Boost Upgrade in 3.0 resulting gaps in graphs

General discussion about Plugins for Cacti

Moderators: Developers, Moderators

elfada
Posts: 15
Joined: Wed Jul 01, 2009 8:25 am

Boost Upgrade in 3.0 resulting gaps in graphs

Post by elfada »

Hi,

I upgraded Boost from 2.4 to 3.0 last week and then I've got many gaps in my graphs.

I take a look at cacti.log and boost.log and there are many errors of this type :

Code: Select all

04/19/2010 02:38:47 PM - BOOST_SERVER: Poller[0] ERROR: /var/www/html/rra/1125/33830.rrd: expected 2 data source readings (got 2) from 1271677858
I tried to restart boost server : The gap problem wasn't solved on all graphs.
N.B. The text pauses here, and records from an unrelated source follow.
(* Let $G$ and $H$ be finite, simple, connected graphs, each of order at least $4$. If $G$ is outerplanar, $P(G)=2$, and $\gamma(H)=1$, then $\gamma_P(G\,\Box\, H)=2$.
   Context: The Cartesian product $G\,\Box\,H$ has vertex set $V(G)\times V(H)$, with $(g,h)$ adjacent to $(g',h')$ iff either $g=g'$ and $hh'\in E(H)$, or $h=h'$ and $gg'\in E(G)$. A graph is outerplanar if it has a crossing-free plane embedding with all vertices on one face. $P(G)$ is the least number of vertex-disjoint induced paths covering $V(G)$. $\gamma(H)$ is the domination number. For $U\subseteq V$, $cl(U)$ is obtained by coloring $U$ black and repeatedly applying: if a black vertex has exactly one white neighbor, that neighbor becomes black. $S$ is a power dominating set if $cl(N[S])$ is the whole vertex set; $\gamma_P$ is the minimum size of a power dominating set. *)

From mathcomp Require Import all_boot.
Set Implicit Arguments. Unset Strict Implicit. Unset Printing Implicit Defensive.

Section Graphs.
Variable T : finType.
Implicit Types (e : rel T) (S U B : {set T}).

Definition simple_graph e : Prop := symmetric e /\ irreflexive e.

Definition connected_graph e : Prop := forall x y : T, connect e x y.

Definition closed_nbhd e S : {set T} :=
  [set x | (x \in S) || [exists y in S, e y x]].

(* one round of the zero-forcing (propagation) rule, applied to all black
   vertices having exactly one white neighbour *)
Definition force_step e U : {set T} :=
  U :|: [set w | [exists v in U,
           e v w && (#|[set u | e v u & u \notin U]| == 1)]].

(* cl(U): the rule applied until stabilisation (#|T| rounds suffice) *)
Definition cl e U : {set T} := iter #|T| (force_step e) U.

Definition dominating e S : bool := closed_nbhd e S == [set: T].
Definition power_dominating e S : bool := cl e (closed_nbhd e S) == [set: T].

Definition domination_number e : nat :=
  #|[arg min_(S < [set: T] | dominating e S) #|S|]|.
Definition power_domination_number e : nat :=
  #|[arg min_(S < [set: T] | power_dominating e S) #|S|]|.

(* B induces a path in G: its vertices can be listed as a duplicate-free
   sequence s such that two vertices of B are adjacent iff consecutive in s *)
Definition induced_path e B : bool :=
  [exists s : (#|B|).-tuple T,
    [&& uniq s, [forall x, (x \in B) == (x \in s)] &
        [forall x in s, forall y in s,
          e x y == ((index y s == (index x s).+1) ||
                    (index x s == (index y s).+1))]]].

Definition induced_path_partition e (P : {set {set T}}) : bool :=
  partition P [set: T] && [forall B in P, induced_path e B].

Definition path_cover_number e : nat :=
  #|[arg min_(P < [set [set x] | x : T] | induced_path_partition e P) #|P|]|.

(* outerplanar: drawing with all vertices on a circle (in the cyclic order
   given by f) and edges as non-crossing chords *)
Definition outerplanar e : Prop :=
  exists f : T -> nat, injective f /\
    forall a b c d : T, e a b -> e c d -> ~ (f a < f c < f b /\ f b < f d).

End Graphs.

Definition cart_prod (T1 T2 : finType) (e1 : rel T1) (e2 : rel T2) : rel (T1 * T2) :=
  fun x y => ((x.1 == y.1) && e2 x.2 y.2) || ((x.2 == y.2) && e1 x.1 y.1).

From mathcomp Require Import all_boot zify.
Set Implicit Arguments. Unset Strict Implicit. Unset Printing Implicit Defensive.

(* Forts are the obstructions to forcing: [cl e U] is everything iff every
   fort meets [U].  A product of forts of G and H is a fort of G \Box H, and
   the projection of a fort of G \Box H is a fort of G.

   Lower bound: N[(g, h)] only contains vertices sharing a coordinate with
   (g, h), while G has a fort avoiding g (otherwise forcing from {g} would run
   along a spanning induced path, so P(G) = 1) and H has a fort avoiding h
   (built from its dominating vertex, as |H| >= 4); their product is a fort
   missed by N[(g, h)].

   Upper bound: if every fort of G meets {a, b} and c dominates H, then
   N[{(a, c), (b, c)}] contains {a, b} x V(H), so a fort avoiding it would
   project to a fort of G avoiding a and b.  Such a pair exists when G is
   outerplanar and covered by two induced paths p_0..p_m and q_0..q_n: put the
   vertices on a circle and count chord crossings mod 2.  This parity vanishes
   for two disjoint connected sets, and a fort avoiding p_0 and q_0 yields two
   crossing rungs between the paths, which splits the ladder into two such
   sets.  So if forts avoided both {p_0, q_0} and {p_0, q_n}, the three ways of
   pairing up p_0, p_m, q_0, q_n would all give an even number of crossings,
   which is impossible for four distinct points. *)

Lemma iter_extensive_fix (T : finType) (h : {set T} -> {set T}) (U : {set T}) :
  (forall X : {set T}, X \subset h X) -> h (iter #|T| h U) = iter #|T| h U.
Proof.
move=> ext.
have grow k : h (iter k h U) = iter k h U \/ k <= #|iter k h U|.
  elim: k => [|k [fix_k | IH]] /=; [by right | by left; rewrite !fix_k |].
  have [fix_k | nfix] := eqVneq (h (iter k h U)) (iter k h U).
    by left; rewrite !fix_k.
  by right; apply: leq_ltn_trans IH (proper_card _); rewrite properEneq eq_sym nfix ext.
have [//|full] := grow #|T|.
have -> : iter #|T| h U = [set: T] by apply/eqP; rewrite eqEcard subsetT cardsT.
by apply/eqP; rewrite eqEsubset subsetT ext.
Qed.

Lemma card_le1_sub1 (T : finType) (x0 : T) (S : {set T}) :
  #|S| <= 1 -> exists x, S \subset [set x].
Proof.
have [-> _ | [x xS] S_le1] := set_0Vmem S; first by exists x0; rewrite sub0set.
exists x; apply/subsetP => y yS; rewrite inE; apply/eqP.
by apply: (card_le1_eqP S_le1).
Qed.

Section Forcing.
Variables (T : finType) (e : rel T).
Implicit Types (F U S : {set T}).

Definition fort F : bool :=
  (F != set0) && [forall v in ~: F, #|[set u in F | e v u]| != 1].

Lemma force_step_disjoint F U :
  fort F -> [disjoint F & U] -> [disjoint F & force_step e U].
Proof.
case/andP=> _ /forall_inP fortF FU; rewrite disjoints_subset.
apply/subsetP => x xF; rewrite !inE (disjointFr FU xF) /=.
apply/existsP => -[v /and3P [vU evx /eqP one_white]].
have vF : v \in ~: F by rewrite inE (disjointFl FU vU).
have : [set u in F | e v u] \subset [set u | e v u & u \notin U].
  by apply/subsetP => u; rewrite !inE => /andP [uF ->]; rewrite (disjointFr FU uF).
move/subset_leq_card; rewrite one_white => le1.
have : 0 < #|[set u in F | e v u]| by apply/card_gt0P; exists x; rewrite inE xF.
by have := fortF v vF; lia.
Qed.

Lemma subset_cl U : U \subset cl e U.
Proof.
rewrite /cl; elim: #|T| => [|n IH] /=; first exact: subxx.
exact: subset_trans IH (subsetUl _ _).
Qed.

Lemma cl_setT_fort U :
  (cl e U == [set: T]) = ~~ [exists F, fort F && [disjoint F & U]].
Proof.
apply/idP/idP => [/eqP clT | /existsPn no_fort].
  apply/existsPn => F; apply/negP => /andP [fortF FU].
  have : [disjoint F & cl e U].
    by rewrite /cl; elim: #|T| => //= n IH; apply: force_step_disjoint.
  case/andP: fortF => /set0Pn [x xF] _.
  by rewrite clT => /disjointFr/(_ xF); rewrite inE.
apply: contraT => clN; case/negP: (no_fort (~: cl e U)).
rewrite disjoint_sym disjoints_subset setCK subset_cl andbT.
apply/andP; split.
  by apply: contra clN => /eqP clC; rewrite -[cl e U]setCK clC setC0.
apply/forall_inP => v; rewrite setCK => vcl; apply/negP => /cards1P [w Nw].
have : w \in [set u in ~: cl e U | e v u] by rewrite Nw inE.
rewrite !inE => /andP [/negP wcl evw]; apply: wcl.
have <- : force_step e (cl e U) = cl e U.
  by apply: iter_extensive_fix => X; apply: subsetUl.
rewrite !inE; apply/orP; right; apply/existsP; exists v; rewrite vcl evw /=.
have -> : [set u | e v u & u \notin cl e U] = [set w].
  by rewrite -Nw; apply/setP => u; rewrite !inE andbC.
by rewrite cards1.
Qed.

Lemma fort_setC1 h : irreflexive e -> 1 < #|T| ->
  #|[set u | e h u]| != 1 -> fort [set~ h].
Proof.
move=> eirr T_gt1 deg_h; apply/andP; split.
  by rewrite -card_gt0 cardsC1; lia.
apply/forall_inP => v; rewrite setCK inE => /eqP ->.
apply: contra deg_h => /eqP <-; apply/eqP/eq_card => u; rewrite !inE.
by case: (eqVneq u h) => [->|]; rewrite ?eirr.
Qed.

Lemma closed_nbhdS S (S' : {set T}) :
  S \subset S' -> closed_nbhd e S \subset closed_nbhd e S'.
Proof.
move=> /subsetP sub; apply/subsetP => x; rewrite !inE.
case/orP=> [/sub -> // | /existsP [y /andP [yS eyx]]].
by apply/orP; right; apply/existsP; exists y; rewrite sub.
Qed.

Lemma power_dominating_setT : power_dominating e [set: T].
Proof.
rewrite /power_dominating -subTset; apply: subset_trans (subset_cl _).
by apply/subsetP => x _; rewrite !inE.
Qed.

End Forcing.

Section CartProd.
Variables (T1 T2 : finType) (eG : rel T1) (eH : rel T2).
Local Notation eGH := (cart_prod eG eH).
This problem don't affect all graphs but randomly a part of the 40k graphs. :roll:

For informations, I'm using spine 0.8.7e and cacti 0.8.7e.

Code: Select all

04/19/2010 02:46:09 PM - SYSTEM STATS: Time:67.9765 Method:spine Processes:1 Threads:12 Hosts:1327 HostsPerProcess:1327 DataSources:78908 RRDsProcessed:0 
Do you have any ideas to solve this problem ?
Attachments
gap_example.png
gap_example.png (26.13 KiB) Viewed 4506 times
elfada
Posts: 15
Joined: Wed Jul 01, 2009 8:25 am

Post by elfada »

The problem is still present...

When I try to access to the graph attached below, I've got this error message in the log :

Code: Select all

2010:04:22 10:16:14 - RRD Command 'update /var/www/html/rra/1302/38806.rrd --template traffic_in:traffic_out 1271921169:23772871 1271921783:18455347 1271922082:18455347:23772871 1271922380:18455347:23772871 1271922686:18455347:23772871 1271922985:18455347:23772871 1271923287:18455347:23772871 1271923574:18455347:23772871 1271923860:18455347:23772871 1271924159:18455347:23772871'
04/22/2010 10:16:14 AM - BOOST_SERVER: Poller[0] ERROR: /var/www/html/rra/1302/38806.rrd: expected 2 data source readings (got 2) from 1271921169
Do you have any ideas to solve it ?
Attachments
gap_example.png
gap_example.png (11.59 KiB) Viewed 4453 times
User avatar
TheWitness
Developer
Posts: 17007
Joined: Tue May 14, 2002 5:08 pm
Location: MI, USA
Contact:

Post by TheWitness »

Was it doing this before 3.0? Please confirm. Seems that for some reason, you are periodically missing some data that Boost should be rejecting or correcting for. I did not change this area of the code. However, I have been taking quite a bit of contributions on the code. So, it may have been changed by others lately.

Thanks,

TheWitness
True understanding begins only when we realize how little we truly understand...

Life is an adventure, let yours begin with Cacti!

Author of dozens of Cacti plugins and customization's. Advocate of LAMP, MariaDB, IBM Spectrum LSF and the world of batch. Creator of IBM Spectrum RTM, author of quite a bit of unpublished work and most of Cacti's bugs.
_________________
Official Cacti Documentation
GitHub Repository with Supported Plugins
Percona Device Packages (no support)
Interesting Device Packages


For those wondering, I'm still here, but lost in the shadows. Yearning for less bugs. Who want's a Cacti 1.3/2.0? Streams anyone?
elfada
Posts: 15
Joined: Wed Jul 01, 2009 8:25 am

Post by elfada »

Hi,

I didn't get this error message before upgrading boost in 3.0.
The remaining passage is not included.